Prédication du pasteur Olav Fykse Tveit, secrétaire général du Conseil œcuménique des Églises, lors de la prière d’adieu avec le personnel du COE

31 mars-1er avril 2020

Le Bon Berger.

Jean 10,11-17

Chers collègues, chers frères et sœurs,

Parmi les nombreuses images de Dieu que nous tenons de la Bible, celle-ci est particulièrement chère à beaucoup de monde, et à moi aussi. Je l’ai en tête depuis que je suis petit. Jésus veille. Jésus prend soin de nous, et de moi aussi. Même s’il m’arrive de me croire ou de me sentir seul ou perdu. Il ne nous abandonnera pas. Le psaume 33 emploie des mots forts et réalistes, qui sont aussi, de ce fait, des paroles de réconfort: «Même si je marche dans un ravin d’ombre et de mort, je ne crains aucun mal, car tu es avec moi; ton bâton, ton appui, voilà qui me rassure.» Il est parfois difficile d’y croire, comme en cette période de pandémie à laquelle l’humanité est confrontée aujourd’hui. Cette image de Dieu n’en a que d’autant plus de valeur et de prix. Il est d’autant plus nécessaire que nous arborions cette image de Dieu pour les autres et pour nous-mêmes.

Que fait un berger, concrètement? Durant mes nombreuses randonnées dans les monts du Jura, observant Genève et Bossey de loin et d’en haut, j’ai souvent croisé un énorme troupeau de moutons. Il y avait toujours des chiens pour protéger le troupeau. Ils ne nous attaquaient pas, ils aboyaient seulement pour nous dire de garder nos distances. Ensuite, je cherchais le berger qui n’était généralement pas loin. Mais il fallait parfois du temps pour le découvrir. Souvent, il se tenait à une certaine distance, assis à un point stratégique du paysage. Détendu en apparence, mais vigilant. Observant le troupeau – et nous, les randonneurs. Il laissait aller les moutons dans un vaste espace, comme s’ils étaient seuls, libres de faire ce pour quoi ils étaient là: manger, digérer, être. Les moutons semblaient savoir qu’il était là, ils le connaissaient et lui les connaissait aussi. Leur relation leur permettait de croire en sa présence, même s’ils ne le voyaient pas tout le temps.

J’ai une autre image de berger en tête. Celle d’un berger de Bethléem, un homme âgé qui essaie de courir après un petit troupeau, le guidant dans les rues pour trouver un autre endroit encore vert. Les champs dont ce berger disposait dans les environs de Bethléem ont énormément diminué avec l’occupation constante des territoires. Le berger essayait malgré tout de trouver un lieu pour ses moutons, dans la précipitation, en les protégeant des voitures et d’autres dangers.

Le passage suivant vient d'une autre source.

Definition awareness_game : Prop :=
  (forall g, std_game (game g) /\ perfect_recall (game g) /\ finite_game (game g)) /\
  (forall g h i, pmove (game g) h i -> info_set_of (game (fst (F g h))) i (snd (F g h))) /\
  (* moves i considers possible are available *)
  (forall g h i, pmove (game g) h i -> forall h' m, snd (F g h) h' ->
     hist (game (fst (F g h))) (h' ++ [m]) -> hist (game g) (h ++ [m])) /\
  (forall g h i, pmove (game g) h i -> forall h', snd (F g h) h' ->
     (forall X, (exists h1', prefix h1' h' /\ pf (game (fst (F g h))) h1' = Some i /\
                             F (fst (F g h)) h1' = X)
                <-> (exists h1, prefix h1 h /\ pf (game g) h1 = Some i /\ F g h1 = X)) /\
     (forall h1' h1 m, prefix h1' h' -> pf (game (fst (F g h))) h1' = Some i ->
        prefix h1 h -> pf (game g) h1 = Some i -> F (fst (F g h)) h1' = F g h1 ->
        (prefix (h1' ++ [m]) h' <-> prefix (h1 ++ [m]) h))).

Definition Gset (i : N) (g' : T) : Prop :=
  exists g h, pmove (game g) h i /\ fst (F g h) = g'.

Definition local_strategy (i : N) (g' : T) (s : T -> list Mv -> Mv -> R) : Prop :=
  forall g h, pmove (game g) h i -> fst (F g h) = g' ->
    is_distr (fun m => exists h2, snd (F g h) h2 /\ hist (game g') (h2 ++ [m])) (s g h) /\
    forall g2 h2, pmove (game g2) h2 i -> F g2 h2 = F g h -> forall m, s g h m = s g2 h2 m.

Definition gen_profile (s : N -> T -> T -> list Mv -> Mv -> R) : Prop :=
  forall i g', Gset i g' -> local_strategy i g' (s i g').

Definition aug_step (s : N -> T -> T -> list Mv -> Mv -> R) (g' : T)
  (h : list Mv) (m : Mv) : R :=
  match pf (game g') h with
  | None => fc (game g') h m
  | Some j => s j (fst (F g' h)) g' h m
  end.

Definition gen_nash (s : N -> T -> T -> list Mv -> Mv -> R) : Prop :=
  forall i g', Gset i g' ->
    forall t : N -> T -> T -> list Mv -> Mv -> R,
      (forall j g'', (j, g'') <> (i, g') -> t j g'' = s j g'') ->
      local_strategy i g' (t i g') ->
      exists v v', exp_payoff (game g') (aug_step s g') i v /\
                   exp_payoff (game g') (aug_step t g') i v' /\ v' <= v.

Definition flr (g : T) (h : list Mv) : Prop :=
  hist (game g) h /\
  forall h1 m i, prefix (h1 ++ [m]) h -> pf (game g) h1 = Some i ->
    forall h2, snd (F g h1) h2 -> hist (game (fst (F g h1))) (h2 ++ [m]).

Definition unr (r : list (T + Mv)) : list Mv :=
  flat_map (fun a => match a with inr m => [m] | inl _ => [] end) r.

Definition nuHist (x : list (T + Mv)) : Prop :=
  x = [] \/ exists g h, x = inl g :: map inr h /\ flr g h.

Definition nuP (x : list (T + Mv)) : option (N * T) :=
  match x with
  | inl g :: r =>
      match pf (game g) (unr r) with
      | Some i => Some (i, fst (F g (unr r)))
      | None => None
      end
  | _ => None
  end.

Definition nuFc (nu : T -> R) (x : list (T + Mv)) (a : T + Mv) : R :=
  match x with
  | [] => match a with inl g => nu g | inr _ => 0 end
  | inl g :: r => match a with inr m => fc (game g) (unr r) m | inl _ => 0 end
  | _ => 0
  end.

Definition nuNonterm (x : list (T + Mv)) : Prop :=
  nuHist x /\ exists a, nuHist (x ++ [a]).

Definition nuInfo (p : N * T) (x y : list (T + Mv)) : Prop :=
  nuNonterm x /\ nuNonterm y /\ nuP x = Some p /\ nuP y = Some p /\
  exists g1 h1 g2 h2, x = inl g1 :: map inr h1 /\ y = inl g2 :: map inr h2 /\
                      F g1 h1 = F g2 h2.

Definition nuU (p : N * T) (x : list (T + Mv)) : R :=
  match x with
  | inl g :: r =>
      if excluded_middle_informative (g = snd p) then util (game g) (fst p) (unr r) else 0
  | _ => 0
  end.

Definition Gamma_nu (nu : T -> R) : egame (N * T) (T + Mv) :=
  mkGame (fun p => Gset (fst p) (snd p)) nuHist nuP (nuFc nu) nuInfo nuU.

Definition induced (nu : T -> R) (s : N * T -> list (T + Mv) -> (T + Mv) -> R)
  (s' : N -> T -> T -> list Mv -> Mv -> R) : Prop :=
  forall i g' g h, pmove (Gamma_nu nu) (inl g :: map inr h) (i, g') ->
    forall a, s (i, g') (inl g :: map inr h) a =
              match a with inr m => s' i g' g h m | inl _ => 0 end.

End Awareness.

Definition prob_measure {T : Type} (nu : T -> R) : Prop :=
  (forall g, 0 <= nu g) /\ has_sum_on (fun _ => True) nu 1.

From Stdlib Require Import Reals List Lra Classical ClassicalEpsilon Permutation.
Import ListNotations.
Open Scope R_scope.

(* Γ^ν is a chance move choosing Γ' with probability ν(Γ') followed by a copy of the floor
   ⌊H'⌋.  A floor is prefix closed, and at a move of player i it continues with exactly the
   moves that i, believing to be in F(Γ', h), considers available; these are nonempty and the
   same along the information set, so each floor is a game tree and the ~_i classes are
   information sets.  Perfect recall of Γ^ν is the perfect-recall condition on F, transported
   along a common history of the information set.
   For (b), the payoff of (i, Γ') vanishes outside the copy of Γ', and a local strategy never
   leaves a floor, so EU_(i,Γ')(σ) = ν(Γ') · EU_(i,Γ')(σ'); when ν(Γ') > 0 a profitable
   deviation in one game yields one in the other.  Behavioral strategies of (i, Γ') in Γ^ν and
   local strategies of i in Γ' correspond by restriction to the floors, resp. by choosing a
   representative of each ~_i class that meets a floor. *)

Definition asbool (P : Prop) : bool :=
  if excluded_middle_informative P then true else false.

Lemma asboolE (P : Prop) : asbool P = true <-> P.
Proof.
  unfold asbool; destruct (excluded_middle_informative P); split; easy.
Qed.

Definition classic_eq_dec {X : Type} (x y : X) : {x = y} + {x <> y} :=
  excluded_middle_informative (x = y).

Definition sumR {X : Type} (f : X -> R) (L : list X) : R := fold_right Rplus 0 (map f L).

Section FiniteSums.
Context {X : Type} (f : X -> R).

Lemma sumR_perm L1 L2 : Permutation L1 L2 -> sumR f L1 = sumR f L2.
Proof. induction 1; unfold sumR in *; simpl; lra. Qed.

Lemma sumR_ext (g : X -> R) L : (forall x, In x L -> f x = g x) -> sumR f L = sumR g L.
Proof.
  induction L as [|x L IH]; intros Hfg; unfold sumR in *; simpl; [lra|].
  rewrite Hfg by (left; reflexivity); rewrite IH by (intros; apply Hfg; right; assumption).
  reflexivity.
Qed.

Lemma sumR_eq0 L : (forall x, In x L -> f x = 0) -> sumR f L = 0.
Proof.
  intros H0; rewrite (sumR_ext (fun _ => 0)) by exact H0.
  clear H0; induction L; unfold sumR in *; simpl; lra.
Qed.

Lemma sumR_scal c L : sumR (fun x => c * f x) L = c * sumR f L.
Proof. induction L; unfold sumR in *; simpl; [lra | rewrite IHL; lra]. Qed.

Lemma sumR_app L1 L2 : sumR f (L1 ++ L2) = sumR f L1 + sumR f L2.
Proof. induction L1; unfold sumR in *; simpl; [lra | rewrite IHL1; lra]. Qed.

Lemma sumR_filter (p : X -> bool) L :
  sumR f L = sumR f (filter p L) + sumR f (filter (fun x => negb (p x)) L).
Proof. induction L as [|x L IH]; unfold sumR in *; simpl; [lra|]; destruct (p x); simpl; lra. Qed.

End FiniteSums.

Section UnconditionalSums.
Context {X : Type}.

Lemma has_sum_finite (S : X -> Prop) (f : X -> R) (L0 : list X) :
  NoDup L0 -> Forall S L0 -> (forall x, S x -> ~ In x L0 -> f x = 0) ->
  has_sum_on S f (sumR f L0).
Proof.
  intros HN HS Hout eps Heps; exists L0; split; [exact HS|].
  intros L HNL HSL HL0; change (Rabs (sumR f L - sumR f L0) < eps).
  rewrite (sumR_filter f (fun x => asbool (In x L0)) L).
  rewrite (sumR_perm f (filter _ L) L0).
  - rewrite (sumR_eq0 f (filter _ L)); [rewrite Rplus_0_r, Rminus_diag, Rabs_R0; exact Heps|].
    intros x Hx; rewrite filter_In, Bool.negb_true_iff in Hx; destruct Hx as [HxL Hx].
    apply Hout; [rewrite Forall_forall in HSL; auto|].
    intros HxL0; apply asboolE in HxL0; congruence.
  - apply NoDup_Permutation; [apply NoDup_filter; exact HNL | exact HN|].
    intros x; rewrite filter_In, asboolE; intuition.
Qed.

Lemma has_sum_unique (S : X -> Prop) (f : X -> R) s1 s2 :
  has_sum_on S f s1 -> has_sum_on S f s2 -> s1 = s2.
Proof.
  intros H1 H2; destruct (Req_dec s1 s2) as [|Hne]; [assumption|exfalso].
  set (e := Rabs (s1 - s2) / 2).
  assert (He : 0 < e) by (unfold e; pose proof (Rabs_pos_lt (s1 - s2)); lra).
  destruct (H1 e He) as [L1 [HS1 HL1]], (H2 e He) as [L2 [HS2 HL2]].
  set (L := nodup classic_eq_dec (L1 ++ L2)).
  assert (HinL : forall x, In x L <-> In x L1 \/ In x L2)
    by (intros x; unfold L; rewrite nodup_In, in_app_iff; tauto).
  assert (HSL : Forall S L).
  { rewrite Forall_forall in *; intros x Hx; apply HinL in Hx; destruct Hx; auto. }
  specialize (HL1 L (NoDup_nodup _ _) HSL (fun x Hx => proj2 (HinL x) (or_introl Hx))).
  specialize (HL2 L (NoDup_nodup _ _) HSL (fun x Hx => proj2 (HinL x) (or_intror Hx))).
  set (a := fold_right Rplus 0 (map f L)) in *.
  assert (Rabs (s1 - s2) <= Rabs (a - s1) + Rabs (a - s2)).
  { replace (s1 - s2) with ((a - s2) - (a - s1)) by ring.
    eapply Rle_trans; [apply Rabs_triang|]; rewrite Rabs_Ropp; lra. }
  unfold e in *; lra.
Qed.

Lemma has_sum_ext (S1 S2 : X -> Prop) (f1 f2 : X -> R) s :
  (forall x, S1 x <-> S2 x) -> (forall x, S1 x -> f1 x = f2 x) ->
  has_sum_on S1 f1 s -> has_sum_on S2 f2 s.
Proof.
  intros HS Hf H eps He; destruct (H eps He) as [L0 [HS0 HL]]; exists L0; split.
  - rewrite Forall_forall in *; intros; apply HS; auto.
  - intros L HN HSL HI.
    assert (HSL1 : Forall S1 L) by (rewrite Forall_forall in *; intros; apply HS; auto).
    change (Rabs (sumR f2 L - s) < eps); rewrite <- (sumR_ext f1 f2); [exact (HL L HN HSL1 HI)|].
    rewrite Forall_forall in HSL1; auto.
Qed.

Lemma map_preimage {Y : Type} (phi : Y -> X) (P : X -> Prop) (L : list X) :
  Forall P L -> (forall x, P x -> exists y, x = phi y) -> exists L', L = map phi L'.
Proof.
  intros HL Hphi; induction HL as [|x L Hx _ [L' ->]]; [exists []; reflexivity|].
  destruct (Hphi x Hx) as [y ->]; exists (y :: L'); reflexivity.
Qed.

Lemma has_sum_comp {Y : Type} (phi : Y -> X) (S : X -> Prop) (f : X -> R) s :
  FinFun.Injective phi -> (forall x, S x -> exists y, x = phi y) ->
  has_sum_on S f s -> has_sum_on (fun y => S (phi y)) (fun y => f (phi y)) s.
Proof.
  intros Hinj Him H eps He; destruct (H eps He) as [L0 [HS0 HL]].
  destruct (map_preimage phi S L0 HS0 Him) as [L0' ->]; exists L0'; split.
  { rewrite Forall_forall in *; intros y Hy; apply HS0, in_map, Hy. }
  intros L HN HSL HI; specialize (HL (map phi L)); rewrite map_map in HL; apply HL.
  - apply FinFun.Injective_map_NoDup; assumption.
  - rewrite Forall_forall in *; intros x Hx; apply in_map_iff in Hx.
    destruct Hx as [y [<- Hy]]; auto.
  - intros x Hx; apply in_map_iff in Hx; destruct Hx as [y [<- Hy]]; apply in_map; auto.
Qed.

Ces deux exemples que j’ai vus m’aident à éclairer l’image du Bon Berger. Mais je pourrais en citer beaucoup d’autres. Pas seulement à propos de gens qui s’occupent d’animaux – il y a aussi beaucoup de gens qui observent, qui prennent soin des autres, qui accompagnent, qui marchent ou même courent avec des personnes en danger. Et les personnes que je connais qui agissent ainsi sont dans leur majorité, dans leur grande majorité, des femmes.

Dans des circonstances comme celles-ci, tout est remis en question. Notre espace se rétrécit, à bien des égards. Le mode d’organisation normal de nos vies et de nos activités n’a plus cours. Nous ne pouvons même plus nous dire au revoir normalement. Les craintes et l’anxiété occupent nos pensées: pour nos proches, pour nous-mêmes, pour nos collègues, nos amis, nos familles, nos paroisses, pour les nôtres qui sont loin de nous, pour les personnes que nous avons appris à connaître dans notre travail et nos déplacements. Nous savons que beaucoup de ces connaissances sont vulnérables au virus lui-même et aux nombreux effets de la pandémie (qui pourrait entraîner un dysfonctionnement de la société, avec un accès réduit au travail, voire à la nourriture, aux installations sanitaires, à l’eau potable et aux services de santé). Nous commençons à comprendre à quels types de menaces beaucoup d’êtres humains sont confrontés en tant qu’individus, en tant que communautés, en tant qu’humanité unique.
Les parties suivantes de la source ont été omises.